MATERIAL SHOWN Block Start

Lemma nf_expand_exists C A D : elim_ctx_of A C -> Forall (fun pt => has_type [] (snd pt) A) D ->
  exists E, nf_expand C D E /\ Forall (fun pt => bool_nf (snd pt)) E.
Proof.
  intros [_ HC]; induction D as [|[p t] D IH]; intros HF.
  - exists []. split; constructor.
  - inversion HF as [|? ? Ht HD]; subst. destruct (IH HD) as (E & HE & HB).
    destruct (closed_normalizes _ _ (HC t Ht)) as [N [HN HNF]].
    assert (HNB : Forall (fun pt => bool_nf (snd pt)) N).
    { eapply Forall_impl; [|exact HNF]. intros [a b] [X1 X2]. now apply bool_value_nf. }
    exists (scale p N ++ E). split.
    + constructor; auto. eapply Forall_impl; [|exact HNB]. intros [a b]. apply bool_nf_normal.
    + apply Forall_app; split; auto. now apply Forall_map.
Qed.

Lemma total_nf_expand C D E : nf_expand C D E -> total E = total D.
Proof.
  induction 1; simpl; auto.
  rewrite total_app, total_scale, IHnf_expand, (total_dstar _ _ H). simpl. ring.
Qed.

Lemma mass_bool_nf E : Forall (fun pt => bool_nf (snd pt)) E ->
  mass E tone + mass E tzero = total E /\ forall s, s <> tone -> s <> tzero -> mass E s = 0.
Proof.
  induction E as [|[p t] E IH]; intros HF; simpl; [split; [ring | auto]|].
  inversion HF as [|? ? Ht HE]; subst. destruct (IH HE) as [IH1 IH2]. split.
  - simpl in Ht. destruct Ht as [-> | ->];
      destruct (tm_eq_dec tone tone), (tm_eq_dec tone tzero), (tm_eq_dec tzero tone),
        (tm_eq_dec tzero tzero); try congruence; lra.
  - intros s N1 N2. rewrite IH2 by auto. destruct (tm_eq_dec t s) as [<-|]; [|ring].
    destruct Ht; subst; contradiction.
Qed.

Lemma dist_sim_bool_nf E1 E2 :
  Forall (fun pt => bool_nf (snd pt)) E1 -> Forall (fun pt => bool_nf (snd pt)) E2 ->
  mass E1 tone = mass E2 tone -> total E1 = total E2 -> dist_sim E1 E2.
Proof.
  intros B1 B2 M T s.
  destruct (mass_bool_nf _ B1) as [M1 Z1], (mass_bool_nf _ B2) as [M2 Z2].
  destruct (tm_eq_dec s tone) as [->|N1]; auto.
  destruct (tm_eq_dec s tzero) as [->|N2]; [lra|]. now rewrite Z1, Z2.
Qed.

(* Closed terms do not look at the environment. *)
Definition env0 : Env := fun _ => existT _ TBool (0 : sem_ty TBool).

Inductive expect : distr -> R -> Prop :=
| expect_nil : expect [] 0
| expect_cons p t D g x :
    Sem [] t TBool g -> expect D x -> expect ((p, t) :: D) (p * g env0 + x).

Lemma expect_eq D x y : expect D x -> x = y -> expect D y.
Proof. now intros H <-. Qed.

Lemma expect_app D1 D2 x1 x2 : expect D1 x1 -> expect D2 x2 -> expect (D1 ++ D2) (x1 + x2).
Proof.
  induction 1; intros H2; simpl.
  - eapply expect_eq; eauto. ring.
  - eapply expect_eq; [econstructor; eauto | ring].
Qed.

Lemma expect_app_inv D1 D2 x : expect (D1 ++ D2) x ->
  exists x1 x2, expect D1 x1 /\ expect D2 x2 /\ x = x1 + x2.
Proof.
  revert x; induction D1 as [|[p t] D1 IH]; intros x H; simpl in H.
  - exists 0, x. repeat split; auto. constructor. ring.
  - inversion H as [|? ? ? g x' Hg HD]; subst. destruct (IH _ HD) as (x1 & x2 & H1 & H2 & ->).
    exists (p * g env0 + x1), x2. repeat split; auto. constructor; auto. ring.
Qed.

Lemma expect_scale p D x : expect D x -> expect (scale p D) (p * x).
Proof.
  induction 1; simpl.
  - eapply expect_eq; [constructor | ring].
  - eapply expect_eq; [econstructor; eauto | ring].
Qed.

MATERIAL SHOWN Block End

» ASSIGNMENT: Please, from the entries above, set down exactly the lines from the one containing "- inversion HF" through the one containing "mass E1 tone", and only those.

» FINISHED TASK:
  - inversion HF as [|? ? Ht HD]; subst. destruct (IH HD) as (E & HE & HB).
    destruct (closed_normalizes _ _ (HC t Ht)) as [N [HN HNF]].
    assert (HNB : Forall (fun pt => bool_nf (snd pt)) N).
    { eapply Forall_impl; [|exact HNF]. intros [a b] [X1 X2]. now apply bool_value_nf. }
    exists (scale p N ++ E). split.
    + constructor; auto. eapply Forall_impl; [|exact HNB]. intros [a b]. apply bool_nf_normal.
    + apply Forall_app; split; auto. now apply Forall_map.
Qed.

Lemma total_nf_expand C D E : nf_expand C D E -> total E = total D.
Proof.
  induction 1; simpl; auto.
  rewrite total_app, total_scale, IHnf_expand, (total_dstar _ _ H). simpl. ring.
Qed.

Lemma mass_bool_nf E : Forall (fun pt => bool_nf (snd pt)) E ->
  mass E tone + mass E tzero = total E /\ forall s, s <> tone -> s <> tzero -> mass E s = 0.
Proof.
  induction E as [|[p t] E IH]; intros HF; simpl; [split; [ring | auto]|].
  inversion HF as [|? ? Ht HE]; subst. destruct (IH HE) as [IH1 IH2]. split.
  - simpl in Ht. destruct Ht as [-> | ->];
      destruct (tm_eq_dec tone tone), (tm_eq_dec tone tzero), (tm_eq_dec tzero tone),
        (tm_eq_dec tzero tzero); try congruence; lra.
  - intros s N1 N2. rewrite IH2 by auto. destruct (tm_eq_dec t s) as [<-|]; [|ring].
    destruct Ht; subst; contradiction.
Qed.

Lemma dist_sim_bool_nf E1 E2 :
  Forall (fun pt => bool_nf (snd pt)) E1 -> Forall (fun pt => bool_nf (snd pt)) E2 ->
  mass E1 tone = mass E2 tone -> total E1 = total E2 -> dist_sim E1 E2.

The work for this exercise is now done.